6. The method according to claim 1, characterized in that, Before determining the defect detection result corresponding to the pultruded product to be inspected based on the texture features, the brightness features, and preset defect feature conditions, the method further includes: The defect characteristic conditions are adjusted based on the production batch parameters of the pultruded product to be tested.
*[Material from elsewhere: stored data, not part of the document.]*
Lemma arc_cross_continuous s : 0 <= s <= 1 -> continuity_pt arc_cross s.
Proof.
  intros Hs.
  assert (Px0 : forall h, In h H -> 0 < hval h x0) by (intros h Hh; specialize (Hx0 h Hh); lra).
  assert (CG : forall (k : aform -> R),
      continuity_pt (fun s => sumR H (fun h => ln (hval h (arc s) / hval h x0) * k h)) s).
  { intros k. apply (sumR_continuous H (fun h s => ln (hval h (arc s) / hval h x0) * k h)).
    intros h Hh.
    apply (continuity_pt_ext (mult_fct (fun s => ln (hval h (arc s) / hval h x0)) (fct_cte (k h))));
      [intros; reflexivity|].
    apply continuity_pt_mult; [|apply continuity_pt_const; intros u v; reflexivity].
    apply ln_continuous_comp.
    - apply Rdiv_lt_0_compat; [pose proof (arc_inside s h Hs Hh); lra|auto].
    - apply (continuity_pt_ext (fun s => (nx h * (fst x0 + arc_dx s) + ny h * (snd x0 + arc_dy s)
                                          + cz h) / hval h x0)).
      + intros u; unfold arc; rewrite (hval_eq h (fst x0 + arc_dx u, snd x0 + arc_dy u)); reflexivity.
      + unfold arc_dx, arc_dy. specialize (Px0 h Hh). reg. }
  apply (continuity_pt_ext (minus_fct (mult_real_fct l1 (fun s => log_grad2 x0 (arc s)))
                                      (mult_real_fct l2 (fun s => log_grad1 x0 (arc s)))));
    [intros; reflexivity|].
  apply continuity_pt_minus; apply continuity_pt_scal; apply CG.
Qed.

(* At the ends of the arc the direction is +-(-l2, l1), so monotonicity
   gives arc_cross 0 > 0 > arc_cross 1. *)
Lemma arc_cross_ends : 0 < arc_cross 0 /\ arc_cross 1 < 0.
Proof.
  assert (Px0 : forall h, In h H -> 0 < hval h x0) by (intros h Hh; specialize (Hx0 h Hh); lra).
  assert (Mono : forall s, 0 <= s <= 1 ->
            0 < arc_dx s * log_grad1 x0 (arc s) + arc_dy s * log_grad2 x0 (arc s)).
  { intros s Hs. pose proof (log_grad_monotone x0 (arc s) Px0) as M.
    replace (arc_dx s) with (fst (arc s) - fst x0) by (unfold arc; simpl; ring).
    replace (arc_dy s) with (snd (arc s) - snd x0) by (unfold arc; simpl; ring).
    apply M; [|apply arc_moves; auto].
    intros h Hh; pose proof (arc_inside s h Hs Hh); lra. }
  pose proof arc_rho_pos. unfold arc_cross.
  pose proof (Mono 0 ltac:(lra)) as M0. pose proof (Mono 1 ltac:(lra)) as M1.
  unfold arc_dx, arc_dy in M0, M1.
  replace (arc_rho * ((1 - 2 * 0) * - l2 + 4 * 0 * (1 - 0) * l1) * log_grad1 x0 (arc 0) +
           arc_rho * ((1 - 2 * 0) * l1 + 4 * 0 * (1 - 0) * l2) * log_grad2 x0 (arc 0)) with
    (arc_rho * (l1 * log_grad2 x0 (arc 0) - l2 * log_grad1 x0 (arc 0))) in M0 by ring.
  replace (arc_rho * ((1 - 2 * 1) * - l2 + 4 * 1 * (1 - 1) * l1) * log_grad1 x0 (arc 1) +
           arc_rho * ((1 - 2 * 1) * l1 + 4 * 1 * (1 - 1) * l2) * log_grad2 x0 (arc 1)) with
    (- (arc_rho * (l1 * log_grad2 x0 (arc 1) - l2 * log_grad1 x0 (arc 1)))) in M1 by ring.
  split; nra.
Qed.

Lemma log_gradient_realized :
  exists y0 mu, y0 <> x0 /\ (forall h, In h H -> 0 < hval h y0) /\
    log_grad1 x0 y0 = mu * l1 /\ log_grad2 x0 y0 = mu * l2.
Proof.
  destruct arc_cross_ends as [C0 C1].
  destruct (Ranalysis5.IVT_interv (fun s => - arc_cross s) 0 1
      (fun s Hs => continuity_pt_opp _ _ (arc_cross_continuous s Hs)) ltac:(lra) ltac:(lra) ltac:(lra))
    as [s [Hs Zs]].
  pose proof l_norm_pos as Ll.
  set (G1 := log_grad1 x0 (arc s)). set (G2 := log_grad2 x0 (arc s)).
  assert (K : l1 * G2 = l2 * G1) by (unfold arc_cross in Zs; fold G1 G2 in Zs; lra).
  set (mu := (l1 * G1 + l2 * G2) / (l1 * l1 + l2 * l2)).
  assert (E1 : G1 = mu * l1).
  { unfold mu. apply (Rmult_eq_reg_r (l1 * l1 + l2 * l2)); [|lra].
    replace ((l1 * G1 + l2 * G2) / (l1 * l1 + l2 * l2) * l1 * (l1 * l1 + l2 * l2))
      with ((l1 * G1 + l2 * G2) * l1) by (field; lra).
    transitivity (l1 * l1 * G1 + l2 * (l2 * G1)); [ring|rewrite <- K; ring]. }
  assert (E2 : G2 = mu * l2).
  { unfold mu. apply (Rmult_eq_reg_r (l1 * l1 + l2 * l2)); [|lra].
    replace ((l1 * G1 + l2 * G2) / (l1 * l1 + l2 * l2) * l2 * (l1 * l1 + l2 * l2))
      with ((l1 * G1 + l2 * G2) * l2) by (field; lra).
    transitivity (l1 * (l1 * G2) + l2 * l2 * G2); [ring|rewrite K; ring]. }
  exists (arc s), mu. repeat split; auto.
  - apply arc_moves; auto.
  - intros h Hh. pose proof (arc_inside s h Hs Hh). lra.
Qed.

End LogGradient.

Section Reweighting.
Variable A : list lpt.
Variable H : list aform.
Variable f : lpt -> pt.
Hypothesis Hnd : NoDup A.
Hypothesis Hed : edge_data A H.

Lemma beta_ratio_interior x0 y0 a :
  (forall h, In h H -> 0 < hval h x0) -> (forall h, In h H -> 0 < hval h y0) -> In a A ->
  beta H a y0 = beta H a x0 * exp (IZR (fst a) * log_grad1 H x0 y0 +
    IZR (snd a) * log_grad2 H x0 y0 + sumR H (fun h => ln (hval h y0 / hval h x0) * cz h)).
Proof.
  intros Px Py Ha.
  assert (Interior : forall p, (forall h, In h H -> 0 < hval h p) ->
            in_hull A p /\ forall b, in_face H p b).
  { intros p Pp. split; [apply (ed_hull A H Hed); intros h Hh; left; auto|].
    intros b h Hh E. specialize (Pp h Hh). lra. }
  destruct (Interior x0 Px) as [Hx Sx]. destruct (Interior y0 Py) as [Hy Sy].
  rewrite (beta_ratio A H Hnd Hed x0 y0 a Hx Hy Ha (Sx a) (Sy a)). f_equal. f_equal.
  unfold log_grad1, log_grad2. rewrite <- !sumR_scal, <- !sumR_plus. apply sumR_ext.
  intros h Hh. unfold log_ratio.
  destruct (Rlt_dec 0 (hval h x0)); [|specialize (Px h Hh); lra].
  destruct (Rlt_dec 0 (hval h y0)); [|specialize (Py h Hh); lra].
  rewrite (hval_eq h (toR a)). unfold toR; simpl. ring.
Qed.

Lemma reweighted_patches_equal x0 y0 (u r : lpt -> R) (C : R) :
  in_hull A x0 -> (forall a, In a A -> 0 < beta H a x0) -> 0 < C ->
  (forall a, In a A -> 0 < u a) ->
  (forall a, In a A -> beta H a y0 = C * r a * beta H a x0) ->
  (forall i, sumR A (fun a => u a * r a * frow f i a) = sumR A (fun a => u a * frow f i a)) ->
  patch A H (fun a => u a / beta H a x0) f x0 = patch A H (fun a => u a / beta H a x0) f y0.
Proof.
  intros Hx0 Bx Cp Hu By Hr.
  assert (At_x0 : forall i, sumR A (fun a => u a / beta H a x0 * frow f i a * beta H a x0) =
                            sumR A (fun a => u a * frow f i a)).
  { intros i. apply sumR_ext. intros a Ha. specialize (Bx a Ha). field. lra. }
  assert (At_y0 : forall i, sumR A (fun a => u a / beta H a x0 * frow f i a * beta H a y0) =
                            C * sumR A (fun a => u a * frow f i a)).
  { intros i. rewrite <- Hr, <- sumR_scal. apply sumR_ext. intros a Ha.
    rewrite (By a Ha). specialize (Bx a Ha). field. lra. }
  assert (Pos : 0 < sumR A (fun a => u a * frow f 3 a)).
  { destruct Hx0 as [lam [_ [E _]]].
    destruct (sumR_nonempty A lam ltac:(lra)) as [a0 Ha0].
    apply (sumR_pos _ _ a0); unfold frow; [intros; rewrite Rmult_1_r; left; auto|auto|].
    rewrite Rmult_1_r. apply Hu; auto. }
  pose proof (At_x0 1%nat) as X1. pose proof (At_x0 2%nat) as X2. pose proof (At_x0 3%nat) as X3.
  pose proof (At_y0 1%nat) as Y1. pose proof (At_y0 2%nat) as Y2. pose proof (At_y0 3%nat) as Y3.
  unfold frow in *. unfold patch.
  rewrite (sumR_ext A (fun a => u a / beta H a x0 * beta H a x0)
             (fun a => u a / beta H a x0 * 1 * beta H a x0)) by (intros; ring).
  rewrite (sumR_ext A (fun a => u a / beta H a x0 * beta H a y0)
             (fun a => u a / beta H a x0 * 1 * beta H a y0)) by (intros; ring).
  rewrite X1, X2, X3, Y1, Y2, Y3. f_equal; field; lra.
Qed.

End Reweighting.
7. A defect detection device for pultruded products, characterized in that, The device includes: The acquisition module is used to control at least one camera device to acquire multiple inspection images of the pultruded product under inspection from different perspectives. The stitching module is used to stitch together the multiple detection images to obtain a panoramic image of the pultruded product to be detected. A grayscale processing module is used to perform grayscale processing on the panoramic image to obtain a grayscale image corresponding to the panoramic image; The feature extraction module is used to extract texture features and brightness features from the grayscale image; The defect detection module is used to determine the defect detection result of the pultruded product to be inspected based on the texture feature, the brightness feature and the preset defect feature conditions; wherein, different defect feature conditions correspond to different defect types, and the defect types include at least two of the following: white thread defects, internal void defects, stripe delamination defects and wetting defects.

8. A defect detection device for pultruded products, characterized in that, The device includes: a processor and a memory storing computer program instructions; the processor reads and executes the computer program instructions to implement the method as described in any one of claims 1-6.

9. A computer storage medium, characterized in that, The computer storage medium stores computer program instructions, which, when executed by a processor, implement the method as described in any one of claims 1-6.

10. A computer program product, characterized in that, Includes a computer program that, when executed by a processor, implements the method as described in any one of claims 1-6.